* **How to complete this task**
Print nothing but the lines below starting at the line that holds "(* The default value is the size of the" and ending at the line that holds "k-uniform hypergraph on", including both, each exactly as written.

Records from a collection
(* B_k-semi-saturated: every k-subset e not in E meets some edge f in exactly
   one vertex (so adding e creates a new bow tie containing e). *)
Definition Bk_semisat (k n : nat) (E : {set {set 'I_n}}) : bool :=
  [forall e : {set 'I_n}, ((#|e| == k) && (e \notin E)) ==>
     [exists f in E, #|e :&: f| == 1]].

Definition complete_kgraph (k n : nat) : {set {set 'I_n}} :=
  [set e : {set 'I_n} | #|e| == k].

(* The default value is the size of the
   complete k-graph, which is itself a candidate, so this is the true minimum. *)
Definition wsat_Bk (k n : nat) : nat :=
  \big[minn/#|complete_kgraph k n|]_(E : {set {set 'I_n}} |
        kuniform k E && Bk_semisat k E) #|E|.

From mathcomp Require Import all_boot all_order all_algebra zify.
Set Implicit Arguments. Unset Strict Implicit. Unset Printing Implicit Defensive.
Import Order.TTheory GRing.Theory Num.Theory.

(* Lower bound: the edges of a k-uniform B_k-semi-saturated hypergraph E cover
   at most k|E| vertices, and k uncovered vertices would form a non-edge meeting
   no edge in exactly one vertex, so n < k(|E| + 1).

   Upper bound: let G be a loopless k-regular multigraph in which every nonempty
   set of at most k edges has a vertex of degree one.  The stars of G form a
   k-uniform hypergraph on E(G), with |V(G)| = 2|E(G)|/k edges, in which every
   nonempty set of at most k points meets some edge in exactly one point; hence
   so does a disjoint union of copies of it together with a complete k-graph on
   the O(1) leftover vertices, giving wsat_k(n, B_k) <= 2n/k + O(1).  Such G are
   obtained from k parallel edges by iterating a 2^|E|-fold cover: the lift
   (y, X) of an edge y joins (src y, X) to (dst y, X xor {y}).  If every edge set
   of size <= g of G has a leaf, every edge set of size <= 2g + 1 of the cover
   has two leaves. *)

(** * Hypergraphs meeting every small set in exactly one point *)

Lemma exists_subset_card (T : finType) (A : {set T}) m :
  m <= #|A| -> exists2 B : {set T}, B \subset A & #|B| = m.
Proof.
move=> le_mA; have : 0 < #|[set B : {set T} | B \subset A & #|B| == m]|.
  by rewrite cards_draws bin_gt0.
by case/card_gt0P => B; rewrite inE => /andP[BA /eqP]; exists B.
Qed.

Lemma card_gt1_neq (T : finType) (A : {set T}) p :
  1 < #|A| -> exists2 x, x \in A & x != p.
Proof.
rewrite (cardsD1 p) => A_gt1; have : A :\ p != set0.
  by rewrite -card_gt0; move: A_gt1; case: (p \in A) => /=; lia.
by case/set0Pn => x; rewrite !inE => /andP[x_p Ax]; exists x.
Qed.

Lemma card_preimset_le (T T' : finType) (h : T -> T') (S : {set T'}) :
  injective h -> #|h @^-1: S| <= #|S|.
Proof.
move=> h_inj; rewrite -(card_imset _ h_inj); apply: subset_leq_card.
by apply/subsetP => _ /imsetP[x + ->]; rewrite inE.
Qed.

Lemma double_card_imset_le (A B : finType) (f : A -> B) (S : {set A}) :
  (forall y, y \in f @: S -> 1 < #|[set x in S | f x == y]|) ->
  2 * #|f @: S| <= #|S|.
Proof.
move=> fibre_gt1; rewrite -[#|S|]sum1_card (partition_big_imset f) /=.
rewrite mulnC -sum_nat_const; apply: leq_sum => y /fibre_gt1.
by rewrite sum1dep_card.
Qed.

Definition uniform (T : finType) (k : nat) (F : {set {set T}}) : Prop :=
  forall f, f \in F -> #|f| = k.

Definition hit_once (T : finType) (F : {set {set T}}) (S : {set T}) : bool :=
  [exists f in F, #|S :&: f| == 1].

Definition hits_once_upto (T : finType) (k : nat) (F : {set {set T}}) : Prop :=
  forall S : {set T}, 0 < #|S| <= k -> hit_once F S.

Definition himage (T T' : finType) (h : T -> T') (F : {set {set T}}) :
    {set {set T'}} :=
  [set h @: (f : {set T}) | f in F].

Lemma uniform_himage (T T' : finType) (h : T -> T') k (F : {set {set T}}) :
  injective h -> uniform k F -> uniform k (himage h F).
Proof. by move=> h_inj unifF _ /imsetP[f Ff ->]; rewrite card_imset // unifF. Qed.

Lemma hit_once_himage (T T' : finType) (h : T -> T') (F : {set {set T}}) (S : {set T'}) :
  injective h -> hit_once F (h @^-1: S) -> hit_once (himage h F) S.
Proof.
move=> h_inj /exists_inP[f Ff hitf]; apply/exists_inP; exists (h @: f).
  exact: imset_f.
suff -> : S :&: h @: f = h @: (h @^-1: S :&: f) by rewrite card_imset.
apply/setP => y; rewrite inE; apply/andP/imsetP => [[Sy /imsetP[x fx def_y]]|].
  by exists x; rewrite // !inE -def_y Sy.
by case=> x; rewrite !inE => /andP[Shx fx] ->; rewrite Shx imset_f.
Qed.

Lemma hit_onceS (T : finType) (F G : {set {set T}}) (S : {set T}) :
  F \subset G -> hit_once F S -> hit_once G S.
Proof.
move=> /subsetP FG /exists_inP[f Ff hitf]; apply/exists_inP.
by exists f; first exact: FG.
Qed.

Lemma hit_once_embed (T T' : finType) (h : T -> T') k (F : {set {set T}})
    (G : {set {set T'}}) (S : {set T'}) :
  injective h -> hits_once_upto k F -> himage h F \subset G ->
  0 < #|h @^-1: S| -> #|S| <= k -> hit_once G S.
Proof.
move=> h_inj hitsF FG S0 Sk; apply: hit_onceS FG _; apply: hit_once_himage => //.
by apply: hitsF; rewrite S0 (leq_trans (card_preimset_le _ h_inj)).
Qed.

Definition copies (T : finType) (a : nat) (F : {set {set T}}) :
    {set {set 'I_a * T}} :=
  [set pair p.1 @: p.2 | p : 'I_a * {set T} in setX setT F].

* **Your response**
(* The default value is the size of the
   complete k-graph, which is itself a candidate, so this is the true minimum. *)
Definition wsat_Bk (k n : nat) : nat :=
  \big[minn/#|complete_kgraph k n|]_(E : {set {set 'I_n}} |
        kuniform k E && Bk_semisat k E) #|E|.

From mathcomp Require Import all_boot all_order all_algebra zify.
Set Implicit Arguments. Unset Strict Implicit. Unset Printing Implicit Defensive.
Import Order.TTheory GRing.Theory Num.Theory.

(* Lower bound: the edges of a k-uniform B_k-semi-saturated hypergraph E cover
   at most k|E| vertices, and k uncovered vertices would form a non-edge meeting
   no edge in exactly one vertex, so n < k(|E| + 1).

   Upper bound: let G be a loopless k-regular multigraph in which every nonempty
   set of at most k edges has a vertex of degree one.  The stars of G form a
   k-uniform hypergraph on E(G), with |V(G)| = 2|E(G)|/k edges, in which every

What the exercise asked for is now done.